(* As
   c(x, P) is a convex combination of the losses, c(x, P) <= cR always, so cR
   never fails and trivially has the out-of-sample guarantee; it is regular
   since it is constant in (P, T) and continuous in x on the compact X.

   Tilt the
   point mass at a maximising index towards the uniform law to get an interior
   law Q with c(x, Q) close to the maximum and all masses >= q > 0.  Every
   sample of length T has Q-probability >= q^T = exp(-O(T)) = exp(-o(a_T)), so
   the guarantee at Q forces ch(x, emp s, T) >= c(x, Q) for every sample s
   once T is large.  Empirical distributions are d/T-dense in the simplex, so
   equicontinuity of ch moves this bound to ch(x, P, T), and the error ratio
   |cR - c| / |ch - c| is eventually at most 1 + eps. *)

Lemma sup_range_attained (R : realType) d (f : 'I_d -> R) : (0 < d)%N ->
  exists2 i, sup (range f) = f i & forall j, f j <= f i.
Proof.
move=> d_gt0; have [i _ f_le] := @arg_maxP _ R _ (Ordinal d_gt0) xpredT f isT.
exists i => [|j]; last exact: f_le.
apply/eqP; rewrite eq_le; apply/andP; split.
- by apply: ge_sup => [|_ [j _ <-]]; [exists (f i), i | exact: f_le].
- by apply: ub_le_sup; [exists (f i) => _ [j _ <-]; exact: f_le | exists i].
Qed.

Lemma sup_range_dist (R : realType) d (f g : 'I_d -> R) (e : R) : (0 < d)%N ->
  (forall i, `|f i - g i| < e) -> `|sup (range f) - sup (range g)| < e.
Proof.
move=> d_gt0 fg; have [i -> f_le] := sup_range_attained f d_gt0.
have [j -> g_le] := sup_range_attained g d_gt0.
move: (fg i) (fg j) (f_le j) (g_le i); rewrite !ltr_norml.
by move=> /andP[fgi_lo fgi_hi] /andP[fgj_lo fgj_hi] fj_le gi_le; apply/andP; split; lra.
Qed.

Lemma sup_range_norm_le (R : realType) d (f : 'I_d -> R) (M : R) : (0 < d)%N ->
  (forall i, `|f i| <= M) -> `|sup (range f)| <= M.
Proof. by move=> d_gt0 fM; have [i -> _] := sup_range_attained f d_gt0. Qed.
Lemma RS_integral_le_ramp g F c d y z I : c <= y -> y < z -> z <= d ->
  {in `[c, d] &, {homo F : x y / x <= y}} ->
  (forall u, c <= u <= d -> g u <= 1) -> (forall u, y <= u <= d -> g u = 0) ->
  RS_integral_is g F c d I -> I <= F z - F c.
Proof.
move=> cy yz zd hF g1 g0 RSI; have cz := le_trans cy (ltW yz).
have cd := le_trans cz zd; have mF := homo_in_itv hF.
have zy0 : 0 < z - y by rewrite subr_gt0.
apply: (RS_integral_le cd zy0 RSI) => n n0 step_lt.
rewrite (unif_telescope_min F cz zd n0); apply: ler_sum => i _.
set p := unif_pt c d n.
have /andP[ci id] : c <= p i <= d by apply: unif_pt_itv => //; exact: ltnW.
have /andP[ci1 id1] : c <= p i.+1 <= d by exact: unif_pt_itv.
have pii1 : p i <= p i.+1 by apply: unif_pt_le.
have mono_min : F (Num.min (p i) z) <= F (Num.min (p i.+1) z).
  apply: mF; [by rewrite le_min ci cz | exact: le_min2 | by rewrite ge_min id1].
have [yi|iy] := leP y (p i).
  by rewrite g0 ?yi ?id // mul0r subr_ge0.
have i1z : p i.+1 <= z.
  by have : p i.+1 = p i + (d - c) / n%:R := unif_ptS c d n i; lra.
rewrite (min_l i1z) (min_l (le_trans pii1 i1z)) ler_piMl ?g1 ?ci ?id //.
by rewrite subr_ge0 mF.
Qed.

End RS_bounds.

Section ramp.
Variable R : realType.
Implicit Types (x h u : R).

Definition ramp x h : R -> R :=
  (cst 1) \min ((cst 0) \max (fun u => (x + h - u) / h)).

Lemma ramp_continuous x h : continuous (ramp x h).
Proof.
apply: min_fun_continuous; first exact: cst_continuous.
apply: max_fun_continuous; first exact: cst_continuous.
move=> u; apply: (@continuousM R R (fun u => x + h - u) (cst h^-1) u).
  apply: (@continuousB R R^o R (cst (x + h)) id u); first exact: cvg_cst.
  exact: cvg_id.
exact: cvg_cst.
Qed.

Lemma ramp_ge0 x h u : 0 <= ramp x h u.
Proof. by rewrite /ramp /= le_min ler01 le_max lexx. Qed.

Lemma ramp_le1 x h u : ramp x h u <= 1.
Proof. by rewrite /ramp /= ge_min lexx. Qed.

Lemma ramp1 x h u : 0 < h -> u <= x -> ramp x h u = 1.
Proof.
move=> h0 ux; rewrite /ramp /=; apply/min_idPl.
by rewrite le_max ler_pdivlMr // mul1r; apply/orP; right; lra.
Qed.
Lemma face_tanh_root (p : R) : 0 < p ->
  exists T, 0 < T < 1 /\ T <= 2 * p / tp p /\
            3 * (T - hex_time p) ^ 2 = T ^ 2 * (3 - hex_time p ^ 2).
Proof.
  intro hp. pose proof (tp_sqr p) as ht2. pose proof (tp_pos p) as ht.
  unfold hex_time. set (t := tp p) in *. set (q := sqrt (1 + 2 * p ^ 2)).
  assert (hq2 : q * q = 1 + 2 * p ^ 2) by (apply sqrt_sqrt; nra).
  assert (hq : 0 < q) by (apply sqrt_lt_R0; nra).
  (* (t - q) / p = 3 p / (t + q) is the smaller root of p T^2 - 2 t T + 3 p = 0,
     to which the equation reduces since t^2 - q^2 = 3 p^2. *)
  exists (3 * p / (t + q)). set (T := 3 * p / (t + q)).
  assert (hroot : p * T ^ 2 - 2 * t * T + 3 * p = 0).
  { transitivity (3 * p * (3 * p ^ 2 - t * t + q * q) / ((t + q) ^ 2)).
    - unfold T. field. lra.
    - rewrite ht2, hq2. field. lra. }
  assert (hT : 0 < T) by (apply Rdiv_lt_0_compat; lra).
  assert (hT2 : T <= 2 * p / t).
  { assert (t <= 2 * q) by nra.
    assert (E : 2 * p / t - T = p * (2 * q - t) / (t * (t + q))) by (unfold T; field; lra).
    assert (0 <= p * (2 * q - t) / (t * (t + q))).
    { apply Rmult_le_pos; [nra | apply Rlt_le, Rinv_0_lt_compat; nra]. }
    lra. }
  assert (h2p : 2 * p / t < 1).
  { apply (Rmult_lt_reg_r t); [lra|]. unfold Rdiv. rewrite Rmult_assoc, Rinv_l by lra. nra. }
  split; [lra | split; [exact hT2|]].
  apply Rminus_diag_uniq.
  transitivity (9 * p / (t * t) * (p * T ^ 2 - 2 * t * T + 3 * p)); [field; lra|].
  rewrite hroot. ring.
Qed.
(* Let $\mathfrak{g} = \mathfrak{X}(S^1)\ltimes Lb$ and let $\widehat{\mathfrak{g}} = \mathfrak{g}\oplus\mathbb{R}$ be its central extension by the 2-cocycle $c = \lambda_1 c_1 + \lambda_2 c_2 + \lambda_3 c_3$ (notation as in the context), where $\lambda_1,\lambda_2,\lambda_3\in\mathbb{R}$ satisfy $\frac{\lambda_1}{4} + \lambda_2 - 2\lambda_3 = 0$. Fix $a\in\mathbb{R}$ and define the linear functional $(\eta,a)\in\widehat{\mathfrak{g}}^*$ by $$\left\langle(\eta, a),\left(g\partial, \begin{pmatrix} x & y\\ 0 & -x\end{pmatrix}, t\right)\right\rangle = \int_{S^1} y\, d\theta + a t .$$ Let $\mathfrak{g}_{(\eta,a)} = \{X\in\mathfrak{g} : \langle(\eta,a),[(Y,0),(X,0)]_{\widehat{\mathfrak{g}}}\rangle = 0 \text{ for all } Y\in\mathfrak{g}\}$ be the stabiliser of $(\eta,a)$ under the coadjoint action, and let $\mathfrak{h} = Lb$, viewed as the ideal $\{(0,b): b\in Lb\}$ of $\mathfrak{g}$. Then $\mathfrak{g} = \mathfrak{g}_{(\eta,a)}\oplus\mathfrak{h}$ as vector spaces, i.e. $\mathfrak{g}_{(\eta,a)}\cap\mathfrak{h} = \{0\}$ and $\mathfrak{g}_{(\eta,a)}+\mathfrak{h} = \mathfrak{g}$.
   Context: All functions are smooth and $2\pi$-periodic in $\theta$; $'$ denotes $d/d\theta$. $\mathfrak{X}(S^1) = \{f\partial : f\in C^\infty(S^1)\}$ with bracket $[f\partial, g\partial] = (fg' - f'g)\partial$. $Lb$ is the Lie algebra of smooth maps $S^1\to\left\{\begin{pmatrix} x & y\\ 0 & -x\end{pmatrix} : x,y\in\mathbb{R}\right\}$ with pointwise matrix commutator. The Lie algebra $\mathfrak{g} = \mathfrak{X}(S^1)\ltimes Lb$ and its central extension $\widehat{\mathfrak{g}} = \mathfrak{X}(S^1)\ltimes Lb\oplus\mathbb{R}$ have bracket $$[(f\partial, b, \delta_1), (g\partial, d, \delta_2)] = \big([f\partial, g\partial],\ [d, b] + f d' - g b',\ c((f\partial, b), (g\partial, d))\big),$$ where for $b_i = \begin{pmatrix} x_i & y_i\\ 0 & -x_i\end{pmatrix}$ the cocycles are $c_1((f_1\partial,b_1),(f_2\partial,b_2)) = \int_{S^1} x_1 x_2'\,d\theta$, $c_2((f_1\partial,b_1),(f_2\partial,b_2)) = \int_{S^1}(f_1'' x_2 - f_2'' x_1)\,d\theta$, $c_3((f_1\partial,b_1),(f_2\partial,b_2)) = \int_{S^1}(f_1'' f_2' - f_1' f_2'')\,d\theta$. *)

From Stdlib Require Import Reals.
From Coquelicot Require Import Coquelicot.
Open Scope R_scope.

(** Smooth 2*PI-periodic real functions (functions on S^1 in the angle theta). *)
Definition smooth_per (f : R -> R) : Prop :=
  (forall (n : nat) (t : R), ex_derive_n f n t) /\
  (forall t : R, f (t + 2 * PI) = f t).

Definition intS1 (f : R -> R) : R := RInt f 0 (2 * PI).

(** Elements of g = X(S^1) |x Lb : a vector field f d/dtheta and a map
    b = [[x, y], [0, -x]] from S^1 to the Borel subalgebra. *)
Record gel := mkG { vf : R -> R ; lx : R -> R ; ly : R -> R }.

Definition in_g (X : gel) : Prop :=
  smooth_per (vf X) /\ smooth_per (lx X) /\ smooth_per (ly X).

Definition gzero : gel := mkG (fun _ => 0) (fun _ => 0) (fun _ => 0).
Definition gadd (X Y : gel) : gel :=
  mkG (fun t => vf X t + vf Y t) (fun t => lx X t + lx Y t)
      (fun t => ly X t + ly Y t).

Record M2 := mkM { m11 : R ; m12 : R ; m21 : R ; m22 : R }.
Definition mmul (A B : M2) : M2 :=
  mkM (m11 A * m11 B + m12 A * m21 B) (m11 A * m12 B + m12 A * m22 B)
      (m21 A * m11 B + m22 A * m21 B) (m21 A * m12 B + m22 A * m22 B).
Definition msub (A B : M2) : M2 :=
  mkM (m11 A - m11 B) (m12 A - m12 B) (m21 A - m21 B) (m22 A - m22 B).
Definition mcomm (A B : M2) : M2 := msub (mmul A B) (mmul B A).
Definition bmat (x y : R) : M2 := mkM x y 0 (- x).

(** Bracket of g:
    [(f d, b), (g d, d)] = ([f d, g d], [d, b] + f d' - g b'),
    with [f d, g d] = (f g' - f' g) d.  The Lb-component [d,b] lies in
    the Borel subalgebra, so it is recorded by its (1,1) and (1,2) entries. *)
Definition gbracket (X Y : gel) : gel :=
  let f := vf X in let g := vf Y in
  mkG (fun t => f t * Derive g t - Derive f t * g t)
      (fun t => m11 (mcomm (bmat (lx Y t) (ly Y t)) (bmat (lx X t) (ly X t)))
                + f t * Derive (lx Y) t - g t * Derive (lx X) t)
      (fun t => m12 (mcomm (bmat (lx Y t) (ly Y t)) (bmat (lx X t) (ly X t)))
                + f t * Derive (ly Y) t - g t * Derive (ly X) t).

Definition c1 (X1 X2 : gel) : R :=
  intS1 (fun t => lx X1 t * Derive (lx X2) t).
Definition c2 (X1 X2 : gel) : R :=
  intS1 (fun t => Derive_n (vf X1) 2 t * lx X2 t - Derive_n (vf X2) 2 t * lx X1 t).
Definition c3 (X1 X2 : gel) : R :=
  intS1 (fun t => Derive_n (vf X1) 2 t * Derive (vf X2) t
                  - Derive (vf X1) t * Derive_n (vf X2) 2 t).

Definition cocycle (l1 l2 l3 : R) (X1 X2 : gel) : R :=
  l1 * c1 X1 X2 + l2 * c2 X1 X2 + l3 * c3 X1 X2.

Definition hbracket (l1 l2 l3 : R) (U V : gel * R) : gel * R :=
  (gbracket (fst U) (fst V), cocycle l1 l2 l3 (fst U) (fst V)).

Definition eta_a (a : R) (U : gel * R) : R := intS1 (ly (fst U)) + a * snd U.

Definition in_stab (l1 l2 l3 a : R) (X : gel) : Prop :=
  in_g X /\
  forall Y : gel, in_g Y ->
    eta_a a (hbracket l1 l2 l3 (Y, 0) (X, 0)) = 0.

Definition in_h (X : gel) : Prop := in_g X /\ vf X = (fun _ => 0).

From Pilot Require Import Defs.
From Stdlib Require Import Reals Lra ZArith FunctionalExtensionality.
From Coquelicot Require Import Coquelicot.
Open Scope R_scope.

(* Write X = (f, x, y), Y = (g, u, v).  Pairing (eta, a) with [Y, X] integrates
   2(x v - y u) + g y' - f v' plus a times the cocycle densities.

   If X = (0, x, y) lies in the stabiliser, testing against Y = (0, 0, x) gives
   2 int x^2 = 0 and then against Y = (0, y, 0) gives -2 int y^2 = 0, so X = 0.

   Conversely every f lifts to X_f = (f, -f'/2, k f'') in the stabiliser, where
   k = -a (l1/4 + l2/2) is chosen so that the terms in u cancel.  Using
   l1/4 + l2 = 2 l3, the remaining density is the derivative of the periodic
   function -f v + a (l3 - l2/2) g' f' + k g f'', so it integrates to zero.
   Hence Z = X_(vf Z) + (Z - X_(vf Z)) with the second summand in Lb. *)

Definition periodic (f : R -> R) : Prop := forall t, f (t + 2 * PI) = f t.

Lemma periodic_IZR (f : R -> R) :
  periodic f -> forall (z : Z) (t : R), f (t + 2 * PI * IZR z) = f t.
Proof.
  intros Hf z. induction z as [| z IHz | z IHz] using Z.peano_ind; intros t.
  - rewrite Rmult_0_r, Rplus_0_r. reflexivity.
  - rewrite succ_IZR, <- (IHz t), <- (Hf (t + 2 * PI * IZR z)). f_equal. ring.
  - rewrite <- Z.sub_1_r, minus_IZR, <- (IHz t), <- Hf. f_equal. ring.
Qed.

Lemma periodic_representative (f : R -> R) :
  periodic f -> forall t, exists s, 0 <= s < 2 * PI /\ f s = f t.
Proof.
  intros Hf t. pose proof PI_RGT_0 as HPI.
  set (k := Int_part (t / (2 * PI))).
  destruct (base_Int_part (t / (2 * PI))) as [Hk1 Hk2]. fold k in Hk1, Hk2.
  exists (t - 2 * PI * IZR k). split; [split|].
  - apply Rmult_le_compat_l with (r := 2 * PI) in Hk1; [|lra].
    replace (2 * PI * (t / (2 * PI))) with t in Hk1 by (field; lra). lra.
  - assert (Hk3 : t / (2 * PI) - 1 < IZR k) by lra.
    apply Rmult_lt_compat_l with (r := 2 * PI) in Hk3; [|lra].
    replace (2 * PI * (t / (2 * PI) - 1)) with (t - 2 * PI) in Hk3 by (field; lra). lra.
  - rewrite <- (periodic_IZR f Hf k). f_equal. ring.
Qed.
(* Let $G$ be a group and $\mathcal{R}$ a $G$-graded algebra (or ring). Then $\mathcal{R}$ is graded primitive with minimal graded left ideals if and only if there exist a $G$-graded division algebra (or ring) $\mathcal{D}$, a graded right vector space $V$ over $\mathcal{D}$ and a total graded subspace $W\subset V^{\mathrm{gr}*}$ such that $\mathcal{R}$ is isomorphic to a graded subalgebra (subring) of $\mathfrak{L}_W^{\mathrm{gr}}(V)$ containing $\mathfrak{F}_W^{\mathrm{gr}}(V)$. Moreover, $\mathfrak{F}_W^{\mathrm{gr}}(V)$ is the only such subalgebra (subring) that is graded simple.
   Context: A $G$-graded algebra $\mathcal{R}=\bigoplus_g\mathcal{R}_g$ satisfies $\mathcal{R}_g\mathcal{R}_h\subset\mathcal{R}_{gh}$; a graded left module $M$ satisfies $\mathcal{R}_gM_h\subset M_{gh}$. $M$ is graded simple if $\mathcal{R}M\ne0$ and $M$ has no nonzero proper graded submodules. $\mathcal{R}$ is graded primitive if it has a faithful graded simple graded left module; ''with minimal graded left ideals'' means $\mathcal{R}$ has a nonzero graded left ideal minimal among graded left ideals. $\mathcal{R}$ is graded simple if $\mathcal{R}^2\ne0$ and it has no nonzero proper graded ideals. A graded division algebra is a $G$-graded unital associative algebra whose nonzero homogeneous elements are invertible; a graded right vector space over it is a graded right module. A map $f$ between graded spaces is homogeneous of degree $h$ if $f(M_g)\subset N_{hg}$. $V^{\mathrm{gr}*}$ is the span of homogeneous $\mathcal{D}$-linear maps $V\to\mathcal{D}$, a graded left $\mathcal{D}$-space; a graded subspace $W\subset V^{\mathrm{gr}*}$ is total if for every $0\ne v\in V$ some $w\in W$ has $w(v)\ne0$. $\operatorname{End}^{\mathrm{gr}}_{\mathcal{D}}(V)$ is the span of homogeneous $\mathcal{D}$-linear operators; $\mathfrak{L}_W^{\mathrm{gr}}(V)$ consists of those $A\in\operatorname{End}^{\mathrm{gr}}_{\mathcal{D}}(V)$ whose adjoint $f\mapsto f\circ A$ maps $W$ into $W$; $\mathfrak{F}_W^{\mathrm{gr}}(V)$ is the span of operators $v\otimes w:u\mapsto v\,w(u)$ with $v\in V$, $w\in W$ homogeneous. *)

From HB Require Import structures.
From mathcomp Require Import all_boot all_order all_algebra.
Set Implicit Arguments. Unset Strict Implicit. Unset Printing Implicit Defensive.
Import GRing.Theory.
Local Open Scope ring_scope.

Record group := Group {
  gcar :> Type;
  gmul : gcar -> gcar -> gcar;
  gone : gcar;
  ginv : gcar -> gcar;
  gmulA : forall x y z, gmul x (gmul y z) = gmul (gmul x y) z;
  gmul1 : forall x, gmul gone x = x;
  gmulr1 : forall x, gmul x gone = x;
  gmulV : forall x, gmul (ginv x) x = gone;
  gmulrV : forall x, gmul x (ginv x) = gone }.

(* hom g is the homogeneous component of degree g, and M = (+)_g M_g
   (direct sum: every element is a finite sum of homogeneous elements,
   and homogeneous elements of pairwise distinct degrees are independent). *)
Definition is_grading (G : group) (M : zmodType) (hom : G -> M -> Prop) : Prop :=
  [/\ (forall g, hom g 0),
      (forall g x y, hom g x -> hom g y -> hom g (x - y)),
      (forall x : M, exists n (gs : 'I_n -> G) (xs : 'I_n -> M),
          (forall i, hom (gs i) (xs i)) /\ x = \sum_(i < n) xs i) &
      (forall n (gs : 'I_n -> G) (xs : 'I_n -> M), injective gs ->
          (forall i, hom (gs i) (xs i)) -> \sum_(i < n) xs i = 0 ->
          forall i, xs i = 0)].

Definition graded_subset (G : group) (M : zmodType) (hom : G -> M -> Prop)
  (N : M -> Prop) : Prop :=
  forall x, N x -> exists n (gs : 'I_n -> G) (xs : 'I_n -> M),
    (forall i, hom (gs i) (xs i) /\ N (xs i)) /\ x = \sum_(i < n) xs i.

Record gring (G : group) := GRingRec {
  rcar :> zmodType;
  rmul : rcar -> rcar -> rcar;
  rmulA : forall x y z, rmul x (rmul y z) = rmul (rmul x y) z;
  rmulDl : forall x y z, rmul (x + y) z = rmul x z + rmul y z;
  rmulDr : forall x y z, rmul x (y + z) = rmul x y + rmul x z;
  rhom : G -> rcar -> Prop;
  rhom_grading : is_grading rhom;
  rhom_mul : forall g h x y, rhom g x -> rhom h y -> rhom (gmul g h) (rmul x y) }.

Record gmodule (G : group) (R : gring G) := GModule {
  mcar :> zmodType;
  act : R -> mcar -> mcar;
  actDl : forall (r s : R) m, act (r + s) m = act r m + act s m;
  actDr : forall r m n, act r (m + n) = act r m + act r n;
  actA : forall r s m, act (rmul r s) m = act r (act s m);
  mhom : G -> mcar -> Prop;
  mhom_grading : is_grading mhom;
  mhom_act : forall g h r m, rhom g r -> mhom h m -> mhom (gmul g h) (act r m) }.

Section RingNotions.
Variables (G : group) (R : gring G).

Definition graded_submodule (M : gmodule R) (N : M -> Prop) : Prop :=
  [/\ N 0, (forall x y, N x -> N y -> N (x - y)),
      (forall r x, N x -> N (act r x)) & graded_subset (@mhom G R M) N].

Definition graded_simple_module (M : gmodule R) : Prop :=
  (exists (r : R) (m : M), act r m <> 0) /\
  forall N : M -> Prop, graded_submodule N -> (forall x, N x -> x = 0) \/ (forall x, N x).

Definition faithful_module (M : gmodule R) : Prop :=
  forall r : R, (forall m : M, act r m = 0) -> r = 0.

Definition graded_primitive : Prop :=
  exists M : gmodule R, faithful_module M /\ graded_simple_module M.

Definition graded_left_ideal (I : R -> Prop) : Prop :=
  [/\ I 0, (forall x y, I x -> I y -> I (x - y)),
      (forall r x, I x -> I (rmul r x)) & graded_subset (@rhom G R) I].

Definition has_minimal_graded_left_ideal : Prop :=
  exists I, [/\ graded_left_ideal I, (exists x, I x /\ x <> 0) &
    forall J, graded_left_ideal J -> (exists x, J x /\ x <> 0) ->
      (forall x, J x -> I x) -> forall x, I x -> J x].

====

### [WORK TASK]
Determine how many lines of the material hold "first", and respond with that number only.

### [EXERCISE RESULT]
3